Company Harvesting Human Body Heat To Mine Cryptocurrencies

Dutch Startup Emulates ‘The Matrix’ By Utilizing Human Energy

A Dutch startup has been using the body heat of volunteers to mine cryptocurrencies in a project reminiscent of “The Matrix.”

by Mikael Thalen,

The Institute of Human Obsolescence (IoHO), a business venture based in The Hague, Netherlands, since 2015 has utilized specially-designed bodysuits to turn excess body heat into digital currency.

“A single human body at rest radiates 100 watts of excess heat,” IoHO’s website states. “We created a body-suit that uses thermoelectric generators to harvest the temperature differential between the human body and ambient and converts it into usable electricity.

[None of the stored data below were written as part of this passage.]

(* The completion of (F, Gamma) acts on the underlying data of C exactly as (F, Gamma)
   does, so additivity and naturality are inherited verbatim.  A complex realising
   (e_A, d, e_X) in the completion is, up to homotopy equivalence, a complex (X, e)
   built from a realisation X of d and an idempotent lift e of (e_A, e_X).  An additive
   functor preserves complexes, morphisms of complexes, idempotents, homotopies and
   homotopy equivalences, and sends (X, e) to (F X, F e), where F X realises Gamma(d)
   because (F, Gamma) is exangulated. *)
From Stdlib Require Import FunctionalExtensionality.
Set Implicit Arguments.
Unset Strict Implicit.

Section AdditiveFunctor.
Variables (n : nat) (C D : PreAdd) (F : AFun C D).

Lemma heq_fmap (x y a b : obj C) (f : hom x y) (g : hom a b) :
  heq f g -> heq (fmap F f) (fmap F g).
Proof.
  unfold heq; intro H.
  apply (f_equal (fun s : {p : obj C * obj C & ab_car (hom (fst p) (snd p))} =>
    match s with existT _ p h =>
      existT (fun q : obj D * obj D => ab_car (hom (fst q) (snd q)))
        (fobj F (fst p), fobj F (snd p)) (fmap F h) end)) in H.
  exact H.
Qed.

Definition fcmor (X Y : cplx C) (f : cmor X Y) : cmor (fcplx F X) (fcplx F Y) :=
  fun i => fmap F (f i).

Hypothesis HF : is_add_fun F.

Lemma fmap0 (X Y : obj C) : fmap F (ab0 : hom X Y) = ab0.
Proof. apply (addmap0 (phi := fun f : hom X Y => fmap F f)), (af_add HF). Qed.
(* Let $n=2^m$ with $m\ge 4$ and let $\mathcal{Q}$ be the Steiner quadruple system of the extended Hamming code of length $n$. Then the set $C=\{x\subset\{1,\dots,n\}: |x|=6,\ \text{no block of }\mathcal{Q}\text{ is a subset of }x\}$ is a completely regular code in the Johnson graph $J(n,6)$ with covering radius $2$. Its distance partition is $(C^0,C^1,C^2)$, where $C^j$ is the set of $6$-subsets containing exactly $0$, $1$, $3$ blocks of $\mathcal{Q}$ for $j=0,1,2$ respectively; there are no edges between $C^0$ and $C^2$, and each vertex of $C^1$ is adjacent to exactly $6$ vertices of $C^2$.
   Context: The Johnson graph $J(n,k)$ has as vertices the $k$-element subsets of $\{1,\dots,n\}$, two being adjacent iff they meet in $k-1$ elements. The extended binary Hamming code of length $n=2^m$ is obtained by adding an overall parity bit to the binary Hamming code of length $2^m-1$; its Steiner quadruple system $\mathcal{Q}$ is the set of supports of its weight-$4$ codewords (a $3$-$(n,4,1)$ design). For a nonempty vertex set $C$ of a connected regular graph, $C_i$ is the set of vertices at distance exactly $i$ from $C$, the covering radius is the largest $i$ with $C_i\neq\emptyset$, and $C$ is completely regular if there are numbers $\gamma_i,\alpha_i,\beta_i$ such that every vertex of $C_i$ has exactly $\gamma_i$ neighbours in $C_{i-1}$, $\alpha_i$ in $C_i$, $\beta_i$ in $C_{i+1}$, for all $i$. *)

From mathcomp Require Import all_boot.
Set Implicit Arguments. Unset Strict Implicit. Unset Printing Implicit Defensive.

Section Graph.
Variables (V : finType) (e : rel V).

Fixpoint reach (C : {set V}) (d : nat) : {set V} :=
  if d is d'.+1 then [set w | [exists v in reach C d', e v w]] else C.

Definition layer (C : {set V}) (i : nat) : {set V} :=
  reach C i :\: \bigcup_(j < i) reach C j.

Definition prev_layer (C : {set V}) (i : nat) : {set V} :=
  if i is i'.+1 then layer C i' else set0.

Definition nbrs_in (v : V) (A : {set V}) : nat := #|[set w in A | e v w]|.

Definition covering_radius (C : {set V}) (r : nat) : Prop :=
  layer C r != set0 /\ forall i, r < i -> layer C i = set0.

Definition completely_regular (C : {set V}) : Prop :=
  C != set0 /\
  exists gamma alpha beta : nat -> nat, forall i v, v \in layer C i ->
    [/\ nbrs_in v (prev_layer C i) = gamma i,
        nbrs_in v (layer C i) = alpha i &
        nbrs_in v (layer C i.+1) = beta i].
End Graph.

Definition johnson_vertex (n k : nat) := {x : {set 'I_n} | #|x| == k}.

Definition johnson_adj (n k : nat) : rel (johnson_vertex n k) :=
  fun x y => #|val x :&: val y| == k.-1.

(* ---------- Extended binary Hamming code of length 2^m ----------
   Words of length 2^m are identified with their supports S.
   Coordinates i < 2^m - 1 are those of the Hamming code of length 2^m - 1,
   whose parity-check matrix has as i-th column the binary expansion of i+1
   (bit k of i+1 is odd ((i+1) %/ 2^k)); coordinate 2^m - 1 is the added
   overall parity bit. *)
Definition hamming_syndrome_zero (m : nat) (S : {set 'I_(2 ^ m)}) : bool :=
  [forall k : 'I_m,
     ~~ odd #|[set i in S | (i < 2 ^ m - 1) && odd ((i + 1) %/ 2 ^ k)]|].

Definition parity_bit_ok (m : nat) (S : {set 'I_(2 ^ m)}) : bool :=
  [exists j in S, val j == 2 ^ m - 1]
    == odd #|[set i in S | i < 2 ^ m - 1]|.

Definition ext_hamming_codeword (m : nat) (S : {set 'I_(2 ^ m)}) : bool :=
  hamming_syndrome_zero S && parity_bit_ok S.

Definition hamming_SQS (m : nat) : {set {set 'I_(2 ^ m)}} :=
  [set B : {set 'I_(2 ^ m)} | (#|B| == 4) && ext_hamming_codeword B].

Definition nblocks (m : nat) (x : {set 'I_(2 ^ m)}) : nat :=
  #|[set B in hamming_SQS m | B \subset x]|.

Arguments johnson_adj : clear implicits.

From mathcomp Require Import all_boot.
From mathcomp Require Import ssralg zmodp zify.
Set Implicit Arguments. Unset Strict Implicit. Unset Printing Implicit Defensive.
Import GRing.Theory.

The electricity generated is then fed to a computer that produces cryptocurrency.”

More than 37 volunteers have reportedly produced 127,210 over the course of 212 hours since the project’s inception.

The company says it has focused solely on alternative coins such as Dash and Lisk, as opposed to Bitcoin, given the relatively low energy requirements needed for mining.

Speaking with Motherboard’s Daniel Oberhaus, IoHO founder Manuel Beltrán explained how the venture has progressed.

“We never mined bitcoins because it would be useless to produce them with human heat,” Beltrán said. “We exclusively mined altcoins and some of them have risen over 46,000% in value. What in the beginning was just small cents now became substantial amounts of money.”

Of the 16,594 coins mined, volunteers kept 80 percent while the remaining 20 were kept by the IoHO.

Oberhaus estimates that had the startup attempted to mine a single Bitcoin, it would have taken more than 44,000 volunteers spending 24 hours per day in the bodysuit for one month.

“To do 1 bitcoin per month with IoHO’s tech—which in terms of efficiency is on par with most affordable wearable thermoelectric generators available today—you’d need around 44,000 people providing their body energy 24/7,” Oberhaus writes.

The IoHO bodysuits are believed to only be capable of harvesting less than 1 percent of the body heat produced by the volunteers.

“Machines are outing us,” the IoHO website states. “As some time ago happened to horses after the invention of the steam engine, humans are becoming obsolete to perform mechanical labor, soon, with the advance of artificial intelligence, it will also affect our possibilities to be useful workers performing intellectual labor.”